How the 1970 Chicano Moratorium sparked Día de los Muertos in LA

By Kathryn Barnes

LA’s first Día de los Muertos celebration happened nearly 50 years ago at Boyle Heights’ Evergreen Cemetery, where walking tours are offered to the public. Photo by Kathryn Barnes/KCRW.

The first public Día de los Muertos celebration in LA was held nearly 50 years ago at Evergreen Cemetery in Boyle Heights.

Up until then, observance was a largely private tradition with Indigenous roots in Mexico. Ofrendas, or altars, were constructed inside the home. Public participation in the holiday largely stems from the art and activism ignited by the 1970 Chicano Moratorium and movement for civil rights, according to Boyle Heights historian Shmuel Gonzales, who offers walking tours of Evergreen Cemetery.


Boyle Heights historian Shmuel Gonzalez hopes to bring the Día de los Muertos celebration back to Evergreen Cemetery. Photo by Kathryn Barnes/KCRW.


Established in 1877, Evergreen Cemetery is the oldest nondenominational cemetery in Los Angeles, although the site was segregated by ethnicity. Photo by Kathryn Barnes/KCRW.

He says Karen Boccalero, a nun and founder of Self-Help Graphics & Art, helped establish the tradition locally. 

“She was a radical, chain-smoking, cursing nun who loved to make art,” says Gonzales. “She had noticed that when, not just Chicanos, but Jewish allies were shot down in the streets, many people thought that for safety, they needed to shut down the Chicano movement. She insisted, no, it needed to get momentum. So she wanted to find a day to raise the spirits.”

According to the National Museum of Mexican Art, Boccalero was the first person to organize a Day of the Dead exhibit in the U.S. She was familiar with the holiday through her time at Immaculate Heart College, according to a KCET documentary, where she saw the 1957 film “Day of the Dead” by Charles and Ray Eames.

“She presented it to the first generation of Chicano activists, and had to convince them that it wasn't morbid, that it was the way that we are going to be able to come to terms with death and celebrate people's lives and immortalize them,” says Gonzales.

The first Día de los Muertos was a small gathering in the parking lot behind Self-Help Graphics in 1972. In 1973, a procession of people and floats went down the street from Evergreen Cemetery to the organization’s headquarters. A Catholic mass and indigenous ceremonies were celebrated at the cemetery, along with participation from the Asco art collective.


In the 1970s, a procession of floats traveled from Evergreen Cemetery to Self-Help Graphics in Boyle Heights on Día de los Muertos.

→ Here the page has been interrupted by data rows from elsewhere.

(* Let $(a_n)_{n\ge1}$ be a real sequence with $|a_n|\le1$, and let $N_1<N_2<\cdots$ be integers with $\lim_{j\to\infty}\frac1{N_j}\sum_{n=1}^{N_j}|a_n|=\theta>0$. Then there exist a subsequence $(N_{j_t})_{t\ge1}$ and a point $x\in X$ such that for all sufficiently large $t$, $$\frac1{N_{j_t}}\sum_{n=1}^{N_{j_t}}f(\hat T^nx)\,a(n)\ \ge\ \theta\,\tau(N_{j_t}).$$ In particular $\limsup_{N\to\infty}\frac{\frac1N\sum_{n=1}^Nf(\hat T^nx)a(n)}{\tau(N)}>0$.
   Context: Let $\tau:\mathbb N\to(0,\infty)$ be non-increasing with $\tau(n)\to0$. Fix integers $2\le q_1<q_2<\cdots$ such that for every $k\ge1$: (i) $q_{k+1}>q_k^4+3q_k$; (ii) $\tau(\lceil q_{k+1}/3\rceil)<\frac1{16q_k}$. For $k\ge1$ put $q^{(0)}_k=q_{2k}$, $q^{(1)}_k=q_{2k+1}$, $q^{(2)}_k=q^{(0)}_k-1$, $q^{(3)}_k=q^{(1)}_k-1$, and $L^{(i)}_k=\lfloor q^{(i)}_{k+1}/(3q^{(i)}_k)\rfloor$. Let $s^{(i)}_k\in\{-1,0,1\}^{\mathbb N}$ (indices $n\ge1$) be given by $s^{(i)}_k(n)=1$ if $n=jq^{(i)}_k$ with $1\le j\le L^{(i)}_k$, $s^{(i)}_k(n)=-1$ if $n=jq^{(i)}_k$ with $L^{(i)}_k<j\le2L^{(i)}_k$, and $s^{(i)}_k(n)=0$ otherwise. For $w\in\{-1,0,1\}^{\mathbb N}$ and $p\in\mathbb N_0$ let $\sigma^{-p}w$ be defined by $(\sigma^{-p}w)(n)=0$ for $1\le n\le p$ and $(\sigma^{-p}w)(n)=w(n-p)$ for $n>p$. For $l\le m$ write $w|_l^m=(w_l,\dots,w_m)$. Let $R^{(i)}_k=\{(\sigma^{-p}s^{(i)}_k)|_{q^{(i)}_k}^{q^{(i)}_{k+1}-1}:p=0,1,\dots,q^{(i)}_k\}$ and $P^{(i)}=\{y\in\{-1,0,1\}^{\mathbb N}: y(n)=0\text{ for }1\le n<q^{(i)}_1,\ y|_{q^{(i)}_k}^{q^{(i)}_{k+1}-1}\in R^{(i)}_k\text{ for all }k\ge1\}$. Let $Z=\{-1,0,1\}^{\mathbb N}\times\{-1,0,1\}^{\mathbb Z}$, where each factor carries the metric $d(u,v)=3^{-\min\{|m|:u_m\neq v_m\}}$ and $Z$ the maximum of the two. $\sigma$ is the left shift $(\sigma u)_m=u_{m+1}$ (invertible on $\{-1,0,1\}^{\mathbb Z}$). Define $T:Z\to Z$, $T(y,z)=(\sigma y,\sigma^{y_1}z)$, and $X_i=\overline{\bigcup_{n\ge0}T^n(P^{(i)}\times\{-1,0,1\}^{\mathbb Z})}$ for $i\in\{0,1,2,3\}$. Let $X=X_0\times X_1\times X_2\times X_3\times\{0,1,2,3\}$ with $\hat T(p^{(0)},p^{(1)},p^{(2)},p^{(3)},i)=(Tp^{(0)},Tp^{(1)},Tp^{(2)},Tp^{(3)},i)$, and $f\in\mathcal C(X)$, $f((y^{(0)},z^{(0)}),(y^{(1)},z^{(1)}),(y^{(2)},z^{(2)}),(y^{(3)},z^{(3)}),i)=z^{(i)}_0$. *)

From Stdlib Require Import Reals ZArith Lia Bool.

Definition trit (v : Z) : Prop := v = (-1)%Z \/ v = 0%Z \/ v = 1%Z.

(* A point of Z = {-1,0,1}^N x {-1,0,1}^Z.  The first component is a
   function nat -> Z of which only the indices n >= 1 are meaningful
   (index 0 is ignored everywhere: by the shift T, by f, and by the topology). *)
Definition Zpt : Type := ((nat -> Z) * (Z -> Z))%type.

Definition Tmap (u : Zpt) : Zpt :=
  (fun n => fst u (S n), fun m => snd u (m + fst u 1%nat)%Z).

Definition qq (q : nat -> nat) (i k : nat) : nat :=
  match i with
  | 0 => q (2 * k)%nat
  | 1 => q (2 * k + 1)%nat
  | 2 => (q (2 * k) - 1)%nat
  | _ => (q (2 * k + 1) - 1)%nat
  end.

Definition LL (q : nat -> nat) (i k : nat) : nat :=
  (qq q i (S k) / (3 * qq q i k))%nat.

Definition sseq (q : nat -> nat) (i k : nat) (n : nat) : Z :=
  let Q := qq q i k in
  if (1 <=? n)%nat && (n mod Q =? 0)%nat then
    let j := (n / Q)%nat in
    if (1 <=? j)%nat && (j <=? LL q i k)%nat then 1%Z
    else if (LL q i k <? j)%nat && (j <=? 2 * LL q i k)%nat then (-1)%Z
    else 0%Z
  else 0%Z.

Definition shiftR (p : nat) (w : nat -> Z) (n : nat) : Z :=
  if (n <=? p)%nat then 0%Z else w (n - p)%nat.

Definition inR (q : nat -> nat) (i k : nat) (y : nat -> Z) : Prop :=
  exists p : nat, (p <= qq q i k)%nat /\
    forall n : nat, (qq q i k <= n <= qq q i (S k) - 1)%nat ->
      y n = shiftR p (sseq q i k) n.

Definition Pset (q : nat -> nat) (i : nat) (y : nat -> Z) : Prop :=
  (forall n : nat, (1 <= n)%nat -> trit (y n)) /\
  (forall n : nat, (1 <= n < qq q i 1)%nat -> y n = 0%Z) /\
  (forall k : nat, (1 <= k)%nat -> inR q i k y).

Definition orbitSet (q : nat -> nat) (i : nat) (u : Zpt) : Prop :=
  exists (n : nat) (y : nat -> Z) (z : Z -> Z),
    Pset q i y /\ (forall m : Z, trit (z m)) /\ u = Nat.iter n Tmap (y, z).

(* Closure in Z for the metric max(d,d), d(u,v) = 3^{-min{|m| : u_m <> v_m}}:
   u is in the closure of S iff for every m there is s in S with
   d(u,s) < 3^{-m}, i.e. s agrees with u at all indices of absolute value <= m
   (indices n >= 1 for the first factor). *)
Definition closureZ (S : Zpt -> Prop) (u : Zpt) : Prop :=
  forall m : nat, exists s : Zpt, S s /\
    (forall n : nat, (1 <= n <= m)%nat -> fst u n = fst s n) /\
    (forall k : Z, (Z.abs k <= Z.of_nat m)%Z -> snd u k = snd s k).

Definition Xi (q : nat -> nat) (i : nat) : Zpt -> Prop := closureZ (orbitSet q i).

Definition Xpt : Type := (Zpt * Zpt * Zpt * Zpt * nat)%type.

Definition inX (q : nat -> nat) (x : Xpt) : Prop :=
  let '(p0, p1, p2, p3, i) := x in
  Xi q 0 p0 /\ Xi q 1 p1 /\ Xi q 2 p2 /\ Xi q 3 p3 /\ (i <= 3)%nat.

Definition That (x : Xpt) : Xpt :=
  let '(p0, p1, p2, p3, i) := x in (Tmap p0, Tmap p1, Tmap p2, Tmap p3, i).

Definition fX (x : Xpt) : R :=
  let '(p0, p1, p2, p3, i) := x in
  IZR (snd (match i with 0 => p0 | 1 => p1 | 2 => p2 | _ => p3 end) 0%Z).

Fixpoint sum1 (g : nat -> R) (N : nat) : R :=
  match N with
  | O => 0%R
  | S N' => (sum1 g N' + g (S N'))%R
  end.

From Stdlib Require Import Reals ZArith Lia Lra ClassicalEpsilon Classical.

Courtesy of Shmuel Gonzales.

Observance of the tradition spread, and after decades of activism, art and even commercialization, it's celebrated widely. Though much smaller, Self-Help Graphics continues to hold an annual celebration, including an art workshop and bike caravan on November 6.


Evergreen Cemetery offers a spooky view of downtown LA. Photo by Kathryn Barnes/KCRW.


Although some family members still decorate their loved one’s graves for Día de los Muertos, public celebrations at Evergreen Cemetery faded by the 1970s. Photo by Kathryn Barnes/KCRW.

Gonzales would like to see the public event return to Evergreen Cemetery so that its roots in LA Chicano history aren’t forgotten.

“We need to bring Día de los Muertos back as a celebration here, not just people coming to decorate individually, but to bring the attention back that this is the place that it was rebirthed as a diaspora Mexican American tradition for a deeply social and American purpose.”